You are brave and I admire your obvious work with a therapist. You definitely are coping, more than you realize or maybe give yourself credit for.

Two words really stuck out to me in what you wrote:
Optimistic
Self-validating

Congrats on working towards a level of acceptance and sharing yourself on Connect. I see you!

God Bless You! There is great comfort in saying to others that care, how we feel. It is a release and almost always you will get positive feedback on here from others that are hurting.

You are a brave soul. I am so sorry that you have been in constant pain for so many years.

It's so hard to explain to others that you are in constant pain or are tired all the time from the pain. Actually, explaining your ailments all the time is tiring I find. I journal a lot and pray and have 3 close friends I can share with. I hope you have at least 1 close friend to share your heart with. Yes, my friend, it is complicated.

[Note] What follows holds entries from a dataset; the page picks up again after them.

Section Counting.
Variables (D H : digraph) (pi : dV D -> dV H) (Q : {set dV D}).
Hypothesis pi_arc : forall u v, dE u v -> dE (pi u) (pi v).
Hypothesis pi_glue : forall u v, pi u = pi v -> u = v \/ (u \in Q /\ v \in Q).
Hypothesis Q_sources_or_sinks :
  (forall u, u \in Q -> is_source u) \/ (forall u, u \in Q -> is_sink u).

Definition arc_map (e : dV D * dV D) : dV H * dV H := (pi e.1, pi e.2).

Lemma arc_map_edge e : e \in edges D -> arc_map e \in edges H.
Proof. by rewrite !in_edges => /pi_arc. Qed.

Lemma pi_inj_inner v v' b a : dE v b -> dE a v' -> pi v = pi v' -> v = v'.
Proof.
move=> vb av' /pi_glue [//|[vQ v'Q]]; case: Q_sources_or_sinks => QS.
  by move: (QS _ v'Q) => /forallP /(_ a); rewrite av'.
by move: (QS _ vQ) => /forallP /(_ b); rewrite vb.
Qed.

Lemma arc_map_loopless e : e \in edges D -> pi e.1 <> pi e.2.
Proof.
rewrite in_edges => ee E.
have same := pi_inj_inner ee ee E.
by move: ee; rewrite same (@dE_irr D).
Qed.
(* Let $b\in C^1([0,\infty))$ satisfy $b(t)>0$ for all $t\ge0$ and $b_0:=\limsup_{t\to\infty}\frac{|b'(t)|}{b(t)^2}<1$. Define for $t\ge0$ $$\Phi(t)=\int_t^\infty\exp\Big(-\int_t^sb(\sigma)\,d\sigma\Big)\,ds.$$ Then $\Phi$ is well defined (finite) and: (i) $\Phi(0)=B_0:=\int_0^\infty\exp(-\int_0^sb(\sigma)d\sigma)\,ds$, and $\Phi'(t)-b(t)\Phi(t)=-1$ for every $t\ge0$; (ii) there exist constants $t_0>0$, $B_1>0$, $B_2>0$ such that $\frac{B_1}{b(t)}\le\Phi(t)\le\frac{B_2}{b(t)}$ for every $t\ge t_0$; (iii) for every $t\ge t_0$, $|\Phi'(t)|\le\frac{1+b_0}{1-b_0}$; in particular $\Phi'$ is bounded on $[0,\infty)$. *)

From Stdlib Require Import Reals.
From Coquelicot Require Import Coquelicot.
Open Scope R_scope.

(* f' t is the derivative of f at t relative to the domain [0, +oo)
   (one-sided at t = 0, ordinary two-sided derivative at t > 0). *)
Definition is_derive_nonneg (f f' : R -> R) (t : R) : Prop :=
  filterlim (fun s => (f s - f t) / (s - t))
    (within (fun s => 0 <= s /\ s <> t) (locally t)) (locally (f' t)).

Definition continuous_nonneg (g : R -> R) (t : R) : Prop :=
  filterlim g (within (fun s => 0 <= s) (locally t)) (locally (g t)).

(* limsup_{t -> +oo} f t = l  (l a real number); mirrors Coquelicot's
   is_LimSup_seq for a function of a real variable. *)
Definition is_LimSup_infty (f : R -> R) (l : R) : Prop :=
  forall eps : posreal,
    (forall T : R, exists t, T <= t /\ l - eps < f t) /\
    (exists T : R, forall t, T <= t -> f t < l + eps).

Definition Phi_integrand (b : R -> R) (t s : R) : R := exp (- RInt b t s).

Definition Phi (b : R -> R) (t : R) : R :=
  RInt_gen (Phi_integrand b t) (at_point t) (Rbar_locally p_infty).

From Stdlib Require Import Reals Lra Classical.
From Coquelicot Require Import Coquelicot.
Open Scope R_scope.
Lemma polar_sub_Cmod r s t u : Cmod (Cminus (polar r t) (polar s u)) = dist_at_angle r s (t - u).
Proof.
  unfold Cmod, Cminus, Cplus, Copp, polar, dist_at_angle; cbn [fst snd]. f_equal. rewrite cos_minus.
  pose proof (sin2_add_cos2 t). pose proof (sin2_add_cos2 u). nra.
Qed.

Lemma cpow_polar r t p : 0 < r -> 0 <= t <= PI -> cpow (polar r t) p = polar (Rpower r p) (p * t).
Proof. intros Hr Ht. unfold cpow. now rewrite Cmod_polar, Arg_polar by lra. Qed.

Lemma law_of_cosines_chord r s t : 0 < r -> 0 < s ->
  r ^ 2 + s ^ 2 - 2 * r * s * cos t = 4 * r * s * chord ((ln s - ln r) / 2) (t / 2).
Proof.
  intros Hr Hs. unfold chord.
  replace (cos t) with (1 - 2 * sin (t / 2) * sin (t / 2)) by (rewrite <- cos_2a_sin; f_equal; field).
  set (u := exp ((ln s - ln r) / 2)).
  assert (Hu : 0 < u) by apply exp_pos.
  assert (Hsu : s = r * (u * u)).
  { unfold u. rewrite <- exp_plus.
    replace ((ln s - ln r) / 2 + (ln s - ln r) / 2) with (ln s - ln r) by field.
    unfold Rminus. rewrite exp_plus, exp_Ropp, !exp_ln by assumption. field. lra. }
  unfold sinh. rewrite exp_Ropp. fold u. rewrite Hsu. field. lra.
Qed.

(** * The sector and its boundary *)

(* signed distance from [z] to the line of angle [g], positive on the side of the sector *)
Definition edge_gap (g : R) (z : C) : R := fst z * sin g - snd z * cos g.

Lemma edge_gap_polar g r a : edge_gap g (polar r a) = r * sin (g - a).
Proof. unfold edge_gap, polar; cbn [fst snd]. rewrite sin_minus. ring. Qed.

Lemma sector_iff g z : 0 < g <= PI -> sector g z <-> 0 < snd z /\ 0 < edge_gap g z.
Proof.
  intros Hg. split.
  - intros [Hz [Hpos Hlt]]. destruct (polar_Cmod_Arg z Hz) as [Ez _].
    pose proof (proj1 (Cmod_gt_0 z) Hz). rewrite Ez, edge_gap_polar. unfold polar; cbn [snd].
    assert (0 < sin (Arg z)) by (apply sin_gt_0; lra).
    assert (0 < sin (g - Arg z)) by (apply sin_gt_0; lra).
    split; nra.
  - intros [Hy Hgap].
    assert (Hz : z <> 0%C) by (intros ->; cbn in Hy; lra).
    destruct (polar_Cmod_Arg z Hz) as [Ez Harg]. pose proof (proj1 (Cmod_gt_0 z) Hz).
    rewrite Ez, edge_gap_polar in Hgap. rewrite Ez in Hy. unfold polar in Hy; cbn [snd] in Hy.
    set (t := Arg z) in *.
    assert (Hst : 0 < sin t) by nra.
    assert (Hsgt : 0 < sin (g - t)) by nra.
    assert (Ht0 : 0 < t).
    { destruct (Rle_or_lt t 0) as [Ht|Ht]; [|assumption].
      pose proof (sin_ge_0 (- t) ltac:(lra) ltac:(lra)). rewrite sin_neg in *. lra. }
    assert (Htg : t < g).
    { destruct (Rle_or_lt g t) as [Ht|Ht]; [|assumption].
      pose proof (sin_ge_0 (t - g) ltac:(lra) ltac:(lra)).
      replace (g - t) with (- (t - g)) in Hsgt by ring. rewrite sin_neg in Hsgt. lra. }
    repeat split; assumption.
Qed.

Lemma snd_sub_le_Cmod (w z : C) : Rabs (snd w - snd z) <= Cmod (Cminus w z).
Proof. eapply Rle_trans; [apply Rmax_r | exact (Rmax_Cmod (Cminus w z))]. Qed.
(* If $G$ is a connected graph of order $n$ with minimum degree $\delta(G)\ge (n-2)/3$, then $G$ is detour covered.
   Context: All graphs are finite and simple. A detour of a graph is a longest path in it. A graph is detour covered if every vertex lies in some detour. *)

From mathcomp Require Import all_boot.
Set Implicit Arguments. Unset Strict Implicit. Unset Printing Implicit Defensive.

Definition simple_graph (T : finType) (e : rel T) : Prop :=
  symmetric e /\ irreflexive e.

Definition is_gpath (T : finType) (e : rel T) (p : seq T) : bool :=
  match p with
  | [::] => false
  | x :: q => path e x q && uniq p
  end.

Definition gpath_length (T : finType) (p : seq T) : nat := (size p).-1.

Definition is_detour (T : finType) (e : rel T) (p : seq T) : Prop :=
  is_gpath e p /\
  forall q : seq T, is_gpath e q -> gpath_length q <= gpath_length p.

Definition detour_covered (T : finType) (e : rel T) : Prop :=
  forall v : T, exists p : seq T, is_detour e p /\ v \in p.

Definition connected_graph (T : finType) (e : rel T) : Prop :=
  forall x y : T, connect e x y.

Definition degree (T : finType) (e : rel T) (v : T) : nat := #|[set w | e v w]|.

From mathcomp Require Import all_boot zify.
From Stdlib Require Import Classical_Prop.
Set Implicit Arguments. Unset Strict Implicit. Unset Printing Implicit Defensive.

(* Suppose v lies on no detour; let detours have L vertices and pick a detour
   P for which the component C of v in G - P is smallest.  Paths through v
   have fewer than L vertices.  For z in C at the end of a path Q inside C
   through v, this places every neighbour of z on P at least |Q| steps from
   both ends of P, and two such neighbours are never 1 or 2 steps apart: one
   step would let z lengthen P, two steps would let z replace the vertex in
   between, giving a detour whose component misses z.  Hence
   3 deg_P(z) + 2|Q| <= L, and since L + |C| <= n <= 3 deg(z) + 2, z has at
   least |Q| neighbours in C, so not all of them lie on Q.
   Apply this to the end y of a longest path in C through v: all neighbours
   of y in C lie on that path, so y has no neighbour on P.  Adding the degree
   condition at y and at the ends a, b of P to the Ore-type bound
   deg(a) + deg(b) < L (a crossing would close P into a cycle, which
   connectivity would extend) gives deg(y) >= |C| - 1, so the path spans C
   and closes into a cycle; rotated to end at a vertex of C adjacent to P, it
   contradicts the count again. *)

Lemma ex_argmin (A : Type) (Q : A -> Prop) (f : A -> nat) :
  (exists a, Q a) -> exists2 a, Q a & forall b, Q b -> f a <= f b.
Proof.
move=> [a Qa]; move: {2}(f a) (leqnn (f a)) => n.
elim: n a Qa => [|n IH] a Qa fa.
  by exists a => // b _; move: fa; rewrite leqn0 => /eqP ->.
have [[b Qb fb]|amin] := classic (exists2 b, Q b & f b < f a).
  by apply: (IH b Qb); rewrite -ltnS (leq_trans fb fa).
by exists a => // b Qb; rewrite leqNgt; apply/negP => fb; apply: amin; exists b.
Qed.

Lemma ex_argmax (A : Type) (Q : A -> Prop) (f : A -> nat) m :
  (exists a, Q a) -> (forall a, Q a -> f a <= m) ->
  exists2 a, Q a & forall b, Q b -> f b <= f a.
Proof.
move=> exQ fm; have [a Qa amin] := ex_argmin (fun a => m - f a) exQ.
by exists a => // b Qb; move: (amin b Qb) (fm a Qa) (fm b Qb); lia.
Qed.

Lemma path_gap_last k x s :
  path (fun i j => i + k <= j) x s -> x + k * size s <= last x s.
Proof.
elim: s x => [|y s IH] x /=; first by rewrite muln0 addn0.
by case/andP=> xy /IH; rewrite mulnS; lia.
Qed.

Lemma count_shift_le (A : Type) (a b : pred A) (x0 : A) x s :
  (forall i, i < size s -> a (nth x0 s i) -> b (nth x0 (x :: s) i) -> False) ->
  count a s + count b (belast x s) <= size s.
Proof.
elim: s x => [|y s IH] x //= nocross.
have := IH y (fun i => nocross i.+1); have := nocross 0 isT.
by case: (a y) (b x) => [] [] /= => [/(_ isT isT)|_|_|_] //; lia.
Qed.

Lemma count_card_uniq (T : finType) (a : pred T) s :
  uniq s -> count a s = #|[set w in s | a w]|.
Proof.
move=> us; rewrite -size_filter -(card_uniqP (filter_uniq a us)) -cardsE.
by apply: eq_card => w; rewrite !inE mem_filter andbC.
Qed.

Section SeqEnds.
Variables (A : Type) (x0 : A).

Lemma head_rev s : head x0 (rev s) = last x0 s.
Proof. by case/lastP: s => // s x; rewrite rev_rcons last_rcons. Qed.

Lemma last_rev s : last x0 (rev s) = head x0 s.
Proof. by case: s => // x s; rewrite rev_cons last_rcons. Qed.

Lemma head_drop i s : head x0 (drop i s) = nth x0 s i.
Proof. by rewrite -nth0 nth_drop addn0. Qed.

Lemma last_drop i s : i < size s -> last x0 (drop i s) = last x0 s.
Proof.
by move=> si; rewrite -[in RHS](cat_take_drop i s) last_cat (drop_nth x0 si).
Qed.

Lemma last_take i s : i < size s -> last x0 (take i.+1 s) = nth x0 s i.
Proof. by move=> si; rewrite (take_nth x0 si) last_rcons. Qed.

End SeqEnds.
(* Let $m\ge1$ be an integer and $\mathcal{U}=\{S_0,S_{2,1^0},\ldots,S_{2,1^{m-1}}\}$. Define vectors $(y_0,\ldots,y_m)\in\mathbb{R}^{m+1}$: $\mathbf{d}_{1,m}=(1,0,\ldots,0)$; $\mathbf{d}_{2,m}=(1,1,\ldots,1)$; $\mathbf{d}_{3,m}$ with $y_0=1,y_1=2$ and $y_k=k$ for $k\ge2$; $\mathbf{d}_{4,m}$ with $y_0=1$ and $y_k=k+2$ for $k\ge1$; $\mathbf{d}_{5,m}$ with $y_0=2,y_1=4$ and $y_k=2k+1$ for $k\ge2$. Then $\mathbf{d}_{j,m}\in\operatorname{trop}(\mathcal{N}_{\mathcal{U}})$ for each $1\le j\le5$.
   Context: All graphs are finite; $\hom(H;G)$ is the number of graph homomorphisms from $H$ to $G$. $S_0$ is a single vertex; for $k\ge0$, $S_{2,1^k}$ is the tree with vertex set $\{1,\ldots,k+3\}$ and edge set $\{\{1,j\}:2\le j\le k+2\}\cup\{\{k+2,k+3\}\}$. $\mathcal{N}_{\mathcal{U}}$ is the set of vectors $(\hom(S_0;G),\hom(S_{2,1^0};G),\ldots,\hom(S_{2,1^{m-1}};G))$ over all graphs $G$; $\operatorname{trop}(\mathcal{N}_{\mathcal{U}})=\lim_{\tau\to\infty}\log_\tau(\mathcal{N}_{\mathcal{U}}\cap\mathbb{R}^{m+1}_{>0})$ (coordinatewise logarithm), which equals the closure of the conical hull of the coordinatewise logarithms of the points of $\mathcal{N}_{\mathcal{U}}$ with all coordinates positive. *)

From mathcomp Require Import all_boot.
From Stdlib Require Import Reals.

Set Implicit Arguments.
Unset Strict Implicit.
Unset Printing Implicit Defensive.

Definition simple_graph (V : finType) (e : rel V) : Prop :=
  (forall x y, e x y = e y x) /\ (forall x, e x x = false).

Definition hom (VH VG : finType) (eH : rel VH) (eG : rel VG) : nat :=
  #|[set f : {ffun VH -> VG} |
      [forall x, forall y, eH x y ==> eG (f x) (f y)]]|.

Definition S0_edge : rel 'I_1 := fun _ _ => false.

(* S_{2,1^k} on vertices {0,...,k+2} (0-indexed version of {1,...,k+3}):
   edges {0,j} for 1 <= j <= k+1, and {k+1,k+2}. *)
Definition S21_edge (k : nat) : rel 'I_(k + 3) := fun x y =>
  let a := nat_of_ord x in let b := nat_of_ord y in
  [|| (a == 0) && (1 <= b <= k + 1),
      (b == 0) && (1 <= a <= k + 1),
      (a == k + 1) && (b == k + 2)
    | (b == k + 1) && (a == k + 2)].

Definition homvec (n : nat) (eG : rel 'I_n) (i : nat) : nat :=
  match i with
  | 0 => hom S0_edge eG
  | k.+1 => hom (@S21_edge k) eG
  end.

(* Vectors of R^{m+1} are represented as functions nat -> R, only the
   coordinates 0..m being relevant. *)

(* x is the coordinatewise log of a point of N_U with all coordinates
   positive (G ranges over finite simple graphs, w.l.o.g. on 'I_n). *)
Definition log_point (m : nat) (x : nat -> R) : Prop :=
  exists (n : nat) (eG : rel 'I_n), simple_graph eG /\
    forall i, i <= m -> (0 < homvec eG i)%N /\ x i = ln (INR (homvec eG i)).

Definition lincomb (l : list (R * (nat -> R))) (i : nat) : R :=
  List.fold_right (fun cp acc => (fst cp * snd cp i + acc)%R) 0%R l.

Definition in_cone (m : nat) (y : nat -> R) : Prop :=
  exists l : list (R * (nat -> R)),
    (forall cp, List.In cp l -> (0 <= fst cp)%R /\ log_point m (snd cp)) /\
    forall i, i <= m -> y i = lincomb l i.

(* trop(N_U): Euclidean closure (in R^{m+1}) of the conical hull. *)
Definition trop_NU (m : nat) (d : nat -> R) : Prop :=
  forall eps : R, (0 < eps)%R -> exists y, in_cone m y /\
    forall i, i <= m -> (Rabs (y i - d i) < eps)%R.

Definition dvec (j : nat) (i : nat) : R :=
  match j with
  | 1 => if i == 0 then 1%R else 0%R
  | 2 => 1%R
  | 3 => if i == 0 then 1%R else if i == 1 then 2%R else INR i
  | 4 => if i == 0 then 1%R else (INR i + 2)%R
  | 5 => if i == 0 then 2%R else if i == 1 then 4%R else (2 * INR i + 1)%R
  | _ => 0%R
  end.

From mathcomp Require Import all_boot zify.
From Stdlib Require Import Reals Lra.
(* Reals rebinds [_ ^ _] on [nat] to [Nat.pow]; restore [expn]. *)
Import ssrnat.
Theorem proposition4p5 (V : countType) (adj : rel V) (d : nat) :
  simple_graph adj -> regular_graph adj d -> connected_graph adj ->
  infinite_type V ->
  almost_surely adj (fun lab : V -> 'I_d -> V =>
    forall n : nat, forall s : seq (V * 'I_d), exists p : V * 'I_d,
      p \notin s /\ visits_at_least lab p.1 p.2 n).
Proof.
move=> [adjC _] regular adj_connected V_infinite.
have [N HN] := ClassicalEpsilon.choice _ regular.
have N_uniq v : uniq (N v) by case: (HN v).
have size_N v : size (N v) = d by case: (HN v).
have adj_N v w : adj v w = (w \in N v) by case: (HN v).
pose B k (lab : V -> 'I_d -> V) :=
  let nX := odflt (0, [::]) (unpickle k) in short_walks_outside lab nX.1 nX.2.
apply: (@almost_surely_of_covers _ _ _ _ B) => [lab _ Hbad|k e e_gt0].
  have [n /not_all_ex_not [s Hs]] := not_all_ex_not _ _ Hbad.
  exists (pickle (n, map fst s)); rewrite /B pickleK => p Hp Hvisit; apply: Hs.
  by exists p; split=> //; apply: contra Hp => /(map_f fst).
exact: short_walks_outside_cover.
Qed.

I'm not going into my "pain" because this is your time to share and I admire your honesty and you are a very strong individual that pushes forward by doing "the next thing"....like changing the sheets.

I am praying for you. I empathize with you and I care. Please keep me posted.

@bebold
I so feel everything you said and you are not alone! Some days I want to scream out loud “I am not Okay!” because it is hard for people to empathize with pain if they are not experiencing it because it is invisible to them. I also focus on the small, simple things since I am very limited. I am 54 and a single parent of a 14 year old son. He gives me a purpose to push myself through the pain. I lost my job and unable to work now. Hard to afford health insurance and not sure if I will get approved for disability. I am just taking one day at a time and asking God to give me His strength because I am hanging on by a thread most days.